** DATA RECORDS follows **
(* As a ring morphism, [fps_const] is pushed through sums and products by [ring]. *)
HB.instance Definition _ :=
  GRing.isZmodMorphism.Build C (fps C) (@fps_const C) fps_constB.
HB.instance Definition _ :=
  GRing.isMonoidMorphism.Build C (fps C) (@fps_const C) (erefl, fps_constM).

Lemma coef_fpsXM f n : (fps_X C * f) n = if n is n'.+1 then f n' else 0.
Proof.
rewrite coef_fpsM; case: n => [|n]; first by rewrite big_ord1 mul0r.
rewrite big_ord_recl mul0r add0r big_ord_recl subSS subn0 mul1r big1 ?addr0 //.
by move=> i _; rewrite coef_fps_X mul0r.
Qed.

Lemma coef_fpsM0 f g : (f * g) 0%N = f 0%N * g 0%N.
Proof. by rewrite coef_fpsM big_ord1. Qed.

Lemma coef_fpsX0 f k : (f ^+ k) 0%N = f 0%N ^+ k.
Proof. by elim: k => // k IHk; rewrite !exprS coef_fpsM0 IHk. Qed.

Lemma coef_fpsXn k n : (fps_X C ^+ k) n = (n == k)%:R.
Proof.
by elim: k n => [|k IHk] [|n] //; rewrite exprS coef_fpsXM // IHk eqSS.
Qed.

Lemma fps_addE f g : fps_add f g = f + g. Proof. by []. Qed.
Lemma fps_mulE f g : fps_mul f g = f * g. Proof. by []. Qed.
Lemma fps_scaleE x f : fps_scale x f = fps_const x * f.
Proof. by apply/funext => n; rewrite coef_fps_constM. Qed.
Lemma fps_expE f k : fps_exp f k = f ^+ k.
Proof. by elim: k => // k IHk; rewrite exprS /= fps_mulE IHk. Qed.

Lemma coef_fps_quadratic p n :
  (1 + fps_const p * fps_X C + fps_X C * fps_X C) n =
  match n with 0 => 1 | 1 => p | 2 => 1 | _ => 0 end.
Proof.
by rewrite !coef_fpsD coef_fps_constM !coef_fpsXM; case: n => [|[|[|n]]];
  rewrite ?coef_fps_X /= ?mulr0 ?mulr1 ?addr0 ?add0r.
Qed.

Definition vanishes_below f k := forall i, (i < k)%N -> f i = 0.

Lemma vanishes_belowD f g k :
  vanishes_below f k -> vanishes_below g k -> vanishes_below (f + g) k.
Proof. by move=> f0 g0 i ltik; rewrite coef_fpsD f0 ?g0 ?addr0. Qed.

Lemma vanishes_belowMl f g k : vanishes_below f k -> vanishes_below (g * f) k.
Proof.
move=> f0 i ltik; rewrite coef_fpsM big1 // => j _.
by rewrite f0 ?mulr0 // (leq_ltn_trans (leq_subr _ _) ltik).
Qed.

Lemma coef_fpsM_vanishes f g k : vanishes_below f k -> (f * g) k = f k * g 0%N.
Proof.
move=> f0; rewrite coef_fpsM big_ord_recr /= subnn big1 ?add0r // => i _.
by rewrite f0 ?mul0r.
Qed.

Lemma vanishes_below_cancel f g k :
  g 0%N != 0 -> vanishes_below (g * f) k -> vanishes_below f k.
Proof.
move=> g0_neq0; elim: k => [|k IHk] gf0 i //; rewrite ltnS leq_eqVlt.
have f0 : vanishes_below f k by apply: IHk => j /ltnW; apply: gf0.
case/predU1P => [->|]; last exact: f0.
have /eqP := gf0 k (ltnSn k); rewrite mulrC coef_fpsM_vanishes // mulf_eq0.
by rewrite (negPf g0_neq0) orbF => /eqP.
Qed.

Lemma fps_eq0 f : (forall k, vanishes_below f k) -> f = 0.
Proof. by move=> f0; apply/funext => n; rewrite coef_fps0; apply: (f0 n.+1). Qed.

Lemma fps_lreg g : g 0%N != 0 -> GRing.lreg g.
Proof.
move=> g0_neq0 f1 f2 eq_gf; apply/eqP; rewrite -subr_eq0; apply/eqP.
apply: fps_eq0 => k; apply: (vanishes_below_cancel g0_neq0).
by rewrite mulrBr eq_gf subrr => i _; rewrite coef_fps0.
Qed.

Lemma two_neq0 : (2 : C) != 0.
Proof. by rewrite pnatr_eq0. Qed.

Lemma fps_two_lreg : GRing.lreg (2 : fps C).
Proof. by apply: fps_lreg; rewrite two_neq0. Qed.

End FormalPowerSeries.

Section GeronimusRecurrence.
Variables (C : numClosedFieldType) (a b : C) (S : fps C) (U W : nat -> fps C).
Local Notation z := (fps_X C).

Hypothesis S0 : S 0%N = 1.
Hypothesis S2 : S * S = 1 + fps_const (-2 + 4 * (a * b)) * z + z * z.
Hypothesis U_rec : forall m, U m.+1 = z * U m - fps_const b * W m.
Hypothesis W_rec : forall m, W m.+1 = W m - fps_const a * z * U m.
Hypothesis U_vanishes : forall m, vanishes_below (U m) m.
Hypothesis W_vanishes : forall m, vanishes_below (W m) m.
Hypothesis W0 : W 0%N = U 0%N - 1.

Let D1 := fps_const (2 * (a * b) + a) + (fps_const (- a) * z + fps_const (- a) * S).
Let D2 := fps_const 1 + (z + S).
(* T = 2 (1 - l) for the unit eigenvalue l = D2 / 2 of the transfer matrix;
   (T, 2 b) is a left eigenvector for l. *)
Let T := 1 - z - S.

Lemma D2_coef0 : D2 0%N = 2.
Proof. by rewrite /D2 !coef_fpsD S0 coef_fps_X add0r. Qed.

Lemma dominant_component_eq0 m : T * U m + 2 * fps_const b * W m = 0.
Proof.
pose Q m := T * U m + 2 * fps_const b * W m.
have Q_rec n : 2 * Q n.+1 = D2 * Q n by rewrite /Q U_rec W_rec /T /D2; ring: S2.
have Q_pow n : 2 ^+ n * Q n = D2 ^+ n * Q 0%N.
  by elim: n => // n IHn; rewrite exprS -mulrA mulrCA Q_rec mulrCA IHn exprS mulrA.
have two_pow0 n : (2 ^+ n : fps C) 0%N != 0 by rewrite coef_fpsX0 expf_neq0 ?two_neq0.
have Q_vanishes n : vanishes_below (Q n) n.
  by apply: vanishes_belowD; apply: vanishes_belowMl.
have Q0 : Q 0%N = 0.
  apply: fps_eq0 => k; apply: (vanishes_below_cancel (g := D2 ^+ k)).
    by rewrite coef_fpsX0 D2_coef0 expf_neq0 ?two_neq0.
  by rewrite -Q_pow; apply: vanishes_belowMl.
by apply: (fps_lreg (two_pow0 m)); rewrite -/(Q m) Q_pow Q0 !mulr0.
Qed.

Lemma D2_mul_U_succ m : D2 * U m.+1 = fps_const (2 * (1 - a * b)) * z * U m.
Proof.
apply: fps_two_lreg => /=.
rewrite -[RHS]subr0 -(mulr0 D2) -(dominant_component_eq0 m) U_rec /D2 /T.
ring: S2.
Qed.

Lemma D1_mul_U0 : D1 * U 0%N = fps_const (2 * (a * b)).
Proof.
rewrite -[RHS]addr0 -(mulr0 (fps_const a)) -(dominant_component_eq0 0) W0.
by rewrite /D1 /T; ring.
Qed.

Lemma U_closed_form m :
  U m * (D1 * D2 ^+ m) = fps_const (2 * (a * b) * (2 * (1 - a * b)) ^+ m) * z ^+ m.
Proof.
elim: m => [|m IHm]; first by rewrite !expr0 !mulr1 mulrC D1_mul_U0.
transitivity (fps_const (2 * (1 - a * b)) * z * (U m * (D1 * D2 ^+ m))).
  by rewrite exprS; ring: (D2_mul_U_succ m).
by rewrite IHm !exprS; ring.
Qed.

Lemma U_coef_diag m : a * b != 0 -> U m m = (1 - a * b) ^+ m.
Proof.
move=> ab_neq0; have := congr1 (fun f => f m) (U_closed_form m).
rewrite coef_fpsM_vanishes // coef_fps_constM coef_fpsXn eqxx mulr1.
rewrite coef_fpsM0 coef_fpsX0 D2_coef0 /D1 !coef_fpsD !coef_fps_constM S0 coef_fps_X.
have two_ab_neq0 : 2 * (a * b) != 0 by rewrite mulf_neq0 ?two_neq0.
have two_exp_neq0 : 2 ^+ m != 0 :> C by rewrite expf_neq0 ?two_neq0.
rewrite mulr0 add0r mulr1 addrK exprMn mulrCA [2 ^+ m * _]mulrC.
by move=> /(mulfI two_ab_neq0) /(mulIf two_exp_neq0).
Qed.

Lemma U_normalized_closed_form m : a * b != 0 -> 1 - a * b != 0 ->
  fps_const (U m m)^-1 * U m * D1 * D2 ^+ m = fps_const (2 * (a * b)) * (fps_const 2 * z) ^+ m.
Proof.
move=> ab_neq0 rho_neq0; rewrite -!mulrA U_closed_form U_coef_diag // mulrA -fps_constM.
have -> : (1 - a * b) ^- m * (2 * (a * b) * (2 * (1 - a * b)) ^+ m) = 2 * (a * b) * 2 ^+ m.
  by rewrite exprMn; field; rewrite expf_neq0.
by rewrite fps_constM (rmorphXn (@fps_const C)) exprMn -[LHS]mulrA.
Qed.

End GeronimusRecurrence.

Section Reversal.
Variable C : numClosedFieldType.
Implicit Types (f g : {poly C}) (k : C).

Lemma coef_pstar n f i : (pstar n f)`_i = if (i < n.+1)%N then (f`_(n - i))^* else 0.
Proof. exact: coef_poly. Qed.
** End of DATA RECORDS **
** DATA RECORDS follows **
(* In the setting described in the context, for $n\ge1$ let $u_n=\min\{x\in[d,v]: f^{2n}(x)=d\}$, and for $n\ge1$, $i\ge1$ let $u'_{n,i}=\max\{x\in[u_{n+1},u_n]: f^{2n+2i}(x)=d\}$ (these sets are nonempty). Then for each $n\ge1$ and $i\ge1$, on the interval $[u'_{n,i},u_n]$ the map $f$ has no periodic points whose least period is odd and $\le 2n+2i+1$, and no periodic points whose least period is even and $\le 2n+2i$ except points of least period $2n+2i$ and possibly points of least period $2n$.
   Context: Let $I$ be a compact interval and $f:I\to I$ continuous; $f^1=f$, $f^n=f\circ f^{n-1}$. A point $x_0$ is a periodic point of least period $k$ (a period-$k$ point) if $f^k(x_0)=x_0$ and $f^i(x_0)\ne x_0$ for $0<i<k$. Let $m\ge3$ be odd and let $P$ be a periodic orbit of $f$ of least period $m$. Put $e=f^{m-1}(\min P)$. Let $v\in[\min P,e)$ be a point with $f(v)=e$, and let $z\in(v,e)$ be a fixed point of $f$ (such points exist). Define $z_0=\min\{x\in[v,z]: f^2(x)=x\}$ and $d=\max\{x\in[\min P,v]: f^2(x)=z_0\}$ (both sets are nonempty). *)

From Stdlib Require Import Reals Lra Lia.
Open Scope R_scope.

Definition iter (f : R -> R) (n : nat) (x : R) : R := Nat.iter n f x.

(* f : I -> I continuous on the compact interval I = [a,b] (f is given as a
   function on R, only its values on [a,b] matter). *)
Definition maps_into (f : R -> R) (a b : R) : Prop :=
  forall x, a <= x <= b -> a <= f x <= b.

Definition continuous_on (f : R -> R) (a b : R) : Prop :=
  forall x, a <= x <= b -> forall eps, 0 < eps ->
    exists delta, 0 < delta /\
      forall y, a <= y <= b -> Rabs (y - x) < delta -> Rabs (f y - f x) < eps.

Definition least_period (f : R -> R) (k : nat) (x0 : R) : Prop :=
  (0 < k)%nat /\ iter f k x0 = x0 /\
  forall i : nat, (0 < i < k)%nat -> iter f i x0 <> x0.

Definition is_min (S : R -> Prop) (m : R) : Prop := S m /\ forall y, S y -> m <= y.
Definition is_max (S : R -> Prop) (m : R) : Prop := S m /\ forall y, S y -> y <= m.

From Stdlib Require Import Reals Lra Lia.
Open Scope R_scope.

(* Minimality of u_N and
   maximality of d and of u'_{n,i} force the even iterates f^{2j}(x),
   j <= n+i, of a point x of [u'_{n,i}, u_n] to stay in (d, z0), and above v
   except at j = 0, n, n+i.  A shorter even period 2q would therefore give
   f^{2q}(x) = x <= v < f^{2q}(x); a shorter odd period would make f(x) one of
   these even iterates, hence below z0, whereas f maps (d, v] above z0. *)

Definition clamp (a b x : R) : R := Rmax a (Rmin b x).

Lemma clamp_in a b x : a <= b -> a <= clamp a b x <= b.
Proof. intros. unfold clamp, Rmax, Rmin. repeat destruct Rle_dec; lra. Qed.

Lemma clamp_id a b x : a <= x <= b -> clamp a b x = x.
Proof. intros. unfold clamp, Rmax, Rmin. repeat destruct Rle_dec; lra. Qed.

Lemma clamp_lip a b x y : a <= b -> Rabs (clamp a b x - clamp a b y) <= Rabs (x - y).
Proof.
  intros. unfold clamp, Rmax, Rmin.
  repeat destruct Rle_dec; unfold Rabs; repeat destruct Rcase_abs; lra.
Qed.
** End of DATA RECORDS **
** DATA RECORDS follows **
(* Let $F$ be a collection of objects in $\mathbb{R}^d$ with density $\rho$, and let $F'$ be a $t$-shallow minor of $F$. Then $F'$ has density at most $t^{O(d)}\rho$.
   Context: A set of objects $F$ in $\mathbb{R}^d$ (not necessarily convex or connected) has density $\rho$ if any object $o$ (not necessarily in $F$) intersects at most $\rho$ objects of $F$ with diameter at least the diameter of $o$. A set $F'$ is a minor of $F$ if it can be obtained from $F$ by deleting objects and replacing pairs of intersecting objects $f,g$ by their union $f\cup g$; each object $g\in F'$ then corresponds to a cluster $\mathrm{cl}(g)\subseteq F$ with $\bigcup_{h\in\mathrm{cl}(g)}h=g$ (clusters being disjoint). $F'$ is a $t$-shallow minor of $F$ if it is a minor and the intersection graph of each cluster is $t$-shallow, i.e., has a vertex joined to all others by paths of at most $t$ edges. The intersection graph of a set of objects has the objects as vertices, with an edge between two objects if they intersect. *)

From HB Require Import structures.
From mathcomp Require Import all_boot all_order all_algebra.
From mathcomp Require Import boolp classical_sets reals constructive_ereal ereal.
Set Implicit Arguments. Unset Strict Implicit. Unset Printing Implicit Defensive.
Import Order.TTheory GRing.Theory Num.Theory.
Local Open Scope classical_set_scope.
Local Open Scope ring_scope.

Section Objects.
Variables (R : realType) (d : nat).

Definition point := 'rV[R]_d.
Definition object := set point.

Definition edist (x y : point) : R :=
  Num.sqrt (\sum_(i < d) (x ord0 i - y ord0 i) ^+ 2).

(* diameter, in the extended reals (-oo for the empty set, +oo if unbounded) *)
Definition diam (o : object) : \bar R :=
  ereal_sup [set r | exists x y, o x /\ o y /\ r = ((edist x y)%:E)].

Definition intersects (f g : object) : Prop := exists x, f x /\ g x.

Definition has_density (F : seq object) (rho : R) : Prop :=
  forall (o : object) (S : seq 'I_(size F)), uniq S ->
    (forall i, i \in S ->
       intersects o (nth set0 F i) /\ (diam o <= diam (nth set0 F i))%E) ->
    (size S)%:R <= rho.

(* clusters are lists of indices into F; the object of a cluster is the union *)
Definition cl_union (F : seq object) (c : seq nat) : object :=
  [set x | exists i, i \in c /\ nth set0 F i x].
** End of DATA RECORDS **
## WHAT THE EXERCISE ASKS
Copy every line of the records above that holds the word "edist".

## RESPONSE TO THE TASK
Definition edist (x y : point) : R :=
  ereal_sup [set r | exists x y, o x /\ o y /\ r = ((edist x y)%:E)].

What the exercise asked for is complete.